## RECORD SET
****

(* Let $4\le k\le\infty$ and let $\Gamma=(V,E)$ be a graph of girth $\geq 4$. Let $\widetilde\Gamma$ be the graph whose vertices are the pairs $(v,\sigma)$ with $v\in V$, $\sigma\in V\cup E$ and $v\subset\sigma$ (i.e. $\sigma=v$ or $\sigma$ is an edge containing $v$), where $(v,\sigma)$ and $(v',\sigma')$ are adjacent if either $v=v'$, or $v,v'$ are adjacent in $\Gamma$ and $\sigma\in\{v,vv'\}$, $\sigma'\in\{v',vv'\}$. Then the flag complex spanned on $\widetilde\Gamma$ is $k$-large if and only if $\Gamma$ has girth $\geq k$.
   Context: The flag complex spanned on a graph has a simplex for each finite clique. A cycle is a subcomplex that is a subdivision of the circle; it is full if every simplex spanned by its vertices lies in it. A flag complex is $k$-large if it has no full cycle of length $<k$. *)

From mathcomp Require Import all_boot.
From Stdlib Require Import List.
Set Implicit Arguments. Unset Strict Implicit. Unset Printing Implicit Defensive.

Definition simple_graph (V : Type) (adj : V -> V -> Prop) : Prop :=
  (forall x y, adj x y -> adj y x) /\ (forall x, ~ adj x x).

(* Extended naturals for 4 <= k <= oo : [None] stands for oo. *)
Definition lt_ext (n : nat) (k : option nat) : Prop :=
  match k with Some m => n < m | None => True end.
Definition le_ext (n : nat) (k : option nat) : Prop :=
  match k with Some m => n <= m | None => True end.

Definition graph_cycle (V : Type) (adj : V -> V -> Prop) (n : nat)
    (c : 'I_n -> V) : Prop :=
  3 <= n /\ injective c /\ forall i : 'I_n, adj (c i) (c (ordS i)).

Definition girth_ge (V : Type) (adj : V -> V -> Prop) (k : option nat) : Prop :=
  forall (n : nat) (c : 'I_n -> V), graph_cycle adj c -> ~ lt_ext n k.

Definition finite_nonempty (T : Type) (s : T -> Prop) : Prop :=
  (exists l : list T, forall x, s x <-> In x l) /\ (exists x, s x).

Definition flag_simplex (T : Type) (adj : T -> T -> Prop) (s : T -> Prop) : Prop :=
  finite_nonempty s /\ forall x y, s x -> s y -> x <> y -> adj x y.

Definition cycle_simplex (T : Type) (n : nat) (c : 'I_n -> T) (s : T -> Prop) : Prop :=
  exists i : 'I_n,
    (forall x, s x <-> x = c i) \/ (forall x, s x <-> x = c i \/ x = c (ordS i)).

Definition complex_cycle (T : Type) (adj : T -> T -> Prop) (n : nat)
    (c : 'I_n -> T) : Prop :=
  3 <= n /\ injective c /\
  forall s, cycle_simplex c s -> flag_simplex adj s.

Definition full_cycle (T : Type) (adj : T -> T -> Prop) (n : nat)
    (c : 'I_n -> T) : Prop :=
  complex_cycle adj c /\
  forall s, flag_simplex adj s -> (forall x, s x -> exists i, x = c i) ->
    cycle_simplex c s.

Definition k_large (T : Type) (adj : T -> T -> Prop) (k : option nat) : Prop :=
  forall (n : nat) (c : 'I_n -> T), full_cycle adj c -> ~ lt_ext n k.

(* The graph tilde Gamma.  A vertex (v, sigma) is encoded by a pair (v, w)
   with w = v (sigma = v) or w adjacent to v (sigma = the edge vw). *)
Definition tvert (V : Type) (adj : V -> V -> Prop) : Type :=
  {p : V * V | p.2 = p.1 \/ adj p.1 p.2}.

Definition tadj (V : Type) (adj : V -> V -> Prop) (x y : tvert adj) : Prop :=
  let v := (proj1_sig x).1 in let w := (proj1_sig x).2 in
  let v' := (proj1_sig y).1 in let w' := (proj1_sig y).2 in
  x <> y /\
  (v = v' \/ (adj v v' /\ (w = v \/ w = v') /\ (w' = v' \/ w' = v))).

(* A full cycle of a flag complex is the same as a chordless cycle of length
   at least 4 in its graph.  A chordless cycle v_1 ... v_m of Gamma, which has
   m >= 4 by the girth hypothesis, lifts to the chordless cycle
   (v_1, v_1) ... (v_m, v_m) of tilde Gamma.  Conversely, the projection
   (v, s) |-> v sends a chordless cycle of tilde Gamma to a closed walk which
   pauses at most one step at each vertex, never revisits a vertex otherwise,
   and takes at least three values; deleting the pauses leaves a cycle of
   Gamma that is not longer. *)

From mathcomp Require Import all_boot zify.
From Stdlib Require Import Classical.
Set Implicit Arguments. Unset Strict Implicit.

Lemma lt_ext_leq m n (k : option nat) : m <= n -> lt_ext n k -> lt_ext m k.
Proof. by case: k => //= k; apply: leq_ltn_trans. Qed.

Definition ord_near n (i j : 'I_n) : Prop := i = j \/ j = ordS i \/ i = ordS j.

Lemma val_iter_ordS n (i : 'I_n) k : val (iter k (@ordS n) i) = (i + k) %% n.
Proof.
elim: k => [|k IHk] /=; first by rewrite addn0 modn_small.
by rewrite IHk -addn1 modnDml addn1 addnS.
Qed.

Lemma iter_ordS_fix n (i : 'I_n) k : 0 < k -> iter k (@ordS n) i = i -> n <= k.
Proof.
move=> k_gt0 /(congr1 val); rewrite val_iter_ordS => Ei.
have : i + k == i + 0 %[mod n] by rewrite Ei addn0 modn_small.
by rewrite eqn_modDl mod0n => /dvdn_leq; apply.
Qed.

Lemma ordS_neq n (i : 'I_n) : 1 < n -> ordS i <> i.
Proof. by move=> n_gt1 /(iter_ordS_fix (k := 1) isT); lia. Qed.

Lemma not_near_iter_ordS n (i : 'I_n) d :
  2 <= d -> d + 2 <= n -> ~ ord_near i (iter d (@ordS n) i).
Proof.
move=> d_ge2 dn [E|[E|E]].
- by have := iter_ordS_fix (ltnW d_ge2) (esym E); lia.
- move: E; rewrite -(prednK (ltnW d_ge2)) iterSr => /iter_ordS_fix.
  by rewrite -ltnS prednK; [move=> /(_ d_ge2); lia | exact: ltnW].
- by have := iter_ordS_fix (k := d.+1) isT (esym E); lia.
Qed.

Lemma not_near_lt n (i j : 'I_n.+1) : i < j -> ~ ord_near i j -> i.+2 <= j /\ j - i < n.
Proof.
move=> ij ij_far; have j_lt := ltn_ord j; split.
  case: (leqP i.+2 j) => // ji; case: ij_far; right; left.
  by apply: val_inj; rewrite /= modn_small; lia.
case: (ltnP (j - i) n) => // ji; case: ij_far; right; right.
apply: val_inj => /=; have -> : j.+1 = n.+1 by lia.
by rewrite modnn; lia.
Qed.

****

## WHAT YOU HAVE TO DO
Please transcribe the material above precisely as it stands.

## REPLY TO THE EXERCISE
(* Let $4\le k\le\infty$ and let $\Gamma=(V,E)$ be a graph of girth $\geq 4$. Let $\widetilde\Gamma$ be the graph whose vertices are the pairs $(v,\sigma)$ with $v\in V$, $\sigma\in V\cup E$ and $v\subset\sigma$ (i.e. $\sigma=v$ or $\sigma$ is an edge containing $v$), where $(v,\sigma)$ and $(v',\sigma')$ are adjacent if either $v=v'$, or $v,v'$ are adjacent in $\Gamma$ and $\sigma\in\{v,vv'\}$, $\sigma'\in\{v',vv'\}$. Then the flag complex spanned on $\widetilde\Gamma$ is $k$-large if and only if $\Gamma$ has girth $\geq k$.
   Context: The flag complex spanned on a graph has a simplex for each finite clique. A cycle is a subcomplex that is a subdivision of the circle; it is full if every simplex spanned by its vertices lies in it. A flag complex is $k$-large if it has no full cycle of length $<k$. *)

From mathcomp Require Import all_boot.
From Stdlib Require Import List.
Set Implicit Arguments. Unset Strict Implicit. Unset Printing Implicit Defensive.

Definition simple_graph (V : Type) (adj : V -> V -> Prop) : Prop :=
  (forall x y, adj x y -> adj y x) /\ (forall x, ~ adj x x).

(* Extended naturals for 4 <= k <= oo : [None] stands for oo. *)
Definition lt_ext (n : nat) (k : option nat) : Prop :=
  match k with Some m => n < m | None => True end.
Definition le_ext (n : nat) (k : option nat) : Prop :=
  match k with Some m => n <= m | None => True end.

Definition graph_cycle (V : Type) (adj : V -> V -> Prop) (n : nat)
    (c : 'I_n -> V) : Prop :=
  3 <= n /\ injective c /\ forall i : 'I_n, adj (c i) (c (ordS i)).

Definition girth_ge (V : Type) (adj : V -> V -> Prop) (k : option nat) : Prop :=
  forall (n : nat) (c : 'I_n -> V), graph_cycle adj c -> ~ lt_ext n k.

Definition finite_nonempty (T : Type) (s : T -> Prop) : Prop :=
  (exists l : list T, forall x, s x <-> In x l) /\ (exists x, s x).

Definition flag_simplex (T : Type) (adj : T -> T -> Prop) (s : T -> Prop) : Prop :=
  finite_nonempty s /\ forall x y, s x -> s y -> x <> y -> adj x y.

Definition cycle_simplex (T : Type) (n : nat) (c : 'I_n -> T) (s : T -> Prop) : Prop :=
  exists i : 'I_n,
    (forall x, s x <-> x = c i) \/ (forall x, s x <-> x = c i \/ x = c (ordS i)).

Definition complex_cycle (T : Type) (adj : T -> T -> Prop) (n : nat)
    (c : 'I_n -> T) : Prop :=
  3 <= n /\ injective c /\
  forall s, cycle_simplex c s -> flag_simplex adj s.

Definition full_cycle (T : Type) (adj : T -> T -> Prop) (n : nat)
    (c : 'I_n -> T) : Prop :=
  complex_cycle adj c /\
  forall s, flag_simplex adj s -> (forall x, s x -> exists i, x = c i) ->
    cycle_simplex c s.

Definition k_large (T : Type) (adj : T -> T -> Prop) (k : option nat) : Prop :=
  forall (n : nat) (c : 'I_n -> T), full_cycle adj c -> ~ lt_ext n k.

(* The graph tilde Gamma.  A vertex (v, sigma) is encoded by a pair (v, w)
   with w = v (sigma = v) or w adjacent to v (sigma = the edge vw). *)
Definition tvert (V : Type) (adj : V -> V -> Prop) : Type :=
  {p : V * V | p.2 = p.1 \/ adj p.1 p.2}.

Definition tadj (V : Type) (adj : V -> V -> Prop) (x y : tvert adj) : Prop :=
  let v := (proj1_sig x).1 in let w := (proj1_sig x).2 in
  let v' := (proj1_sig y).1 in let w' := (proj1_sig y).2 in
  x <> y /\
  (v = v' \/ (adj v v' /\ (w = v \/ w = v') /\ (w' = v' \/ w' = v))).

(* A full cycle of a flag complex is the same as a chordless cycle of length
   at least 4 in its graph.  A chordless cycle v_1 ... v_m of Gamma, which has
   m >= 4 by the girth hypothesis, lifts to the chordless cycle
   (v_1, v_1) ... (v_m, v_m) of tilde Gamma.  Conversely, the projection
   (v, s) |-> v sends a chordless cycle of tilde Gamma to a closed walk which
   pauses at most one step at each vertex, never revisits a vertex otherwise,
   and takes at least three values; deleting the pauses leaves a cycle of
   Gamma that is not longer. *)

From mathcomp Require Import all_boot zify.
From Stdlib Require Import Classical.
Set Implicit Arguments. Unset Strict Implicit.

Lemma lt_ext_leq m n (k : option nat) : m <= n -> lt_ext n k -> lt_ext m k.
Proof. by case: k => //= k; apply: leq_ltn_trans. Qed.

Definition ord_near n (i j : 'I_n) : Prop := i = j \/ j = ordS i \/ i = ordS j.

Lemma val_iter_ordS n (i : 'I_n) k : val (iter k (@ordS n) i) = (i + k) %% n.
Proof.
elim: k => [|k IHk] /=; first by rewrite addn0 modn_small.
by rewrite IHk -addn1 modnDml addn1 addnS.
Qed.

Lemma iter_ordS_fix n (i : 'I_n) k : 0 < k -> iter k (@ordS n) i = i -> n <= k.
Proof.
move=> k_gt0 /(congr1 val); rewrite val_iter_ordS => Ei.
have : i + k == i + 0 %[mod n] by rewrite Ei addn0 modn_small.
by rewrite eqn_modDl mod0n => /dvdn_leq; apply.
Qed.

Lemma ordS_neq n (i : 'I_n) : 1 < n -> ordS i <> i.
Proof. by move=> n_gt1 /(iter_ordS_fix (k := 1) isT); lia. Qed.

Lemma not_near_iter_ordS n (i : 'I_n) d :
  2 <= d -> d + 2 <= n -> ~ ord_near i (iter d (@ordS n) i).
Proof.
move=> d_ge2 dn [E|[E|E]].
- by have := iter_ordS_fix (ltnW d_ge2) (esym E); lia.
- move: E; rewrite -(prednK (ltnW d_ge2)) iterSr => /iter_ordS_fix.
  by rewrite -ltnS prednK; [move=> /(_ d_ge2); lia | exact: ltnW].
- by have := iter_ordS_fix (k := d.+1) isT (esym E); lia.
Qed.

Lemma not_near_lt n (i j : 'I_n.+1) : i < j -> ~ ord_near i j -> i.+2 <= j /\ j - i < n.
Proof.
move=> ij ij_far; have j_lt := ltn_ord j; split.
  case: (leqP i.+2 j) => // ji; case: ij_far; right; left.
  by apply: val_inj; rewrite /= modn_small; lia.
case: (ltnP (j - i) n) => // ji; case: ij_far; right; right.
apply: val_inj => /=; have -> : j.+1 = n.+1 by lia.
by rewrite modnn; lia.
Qed.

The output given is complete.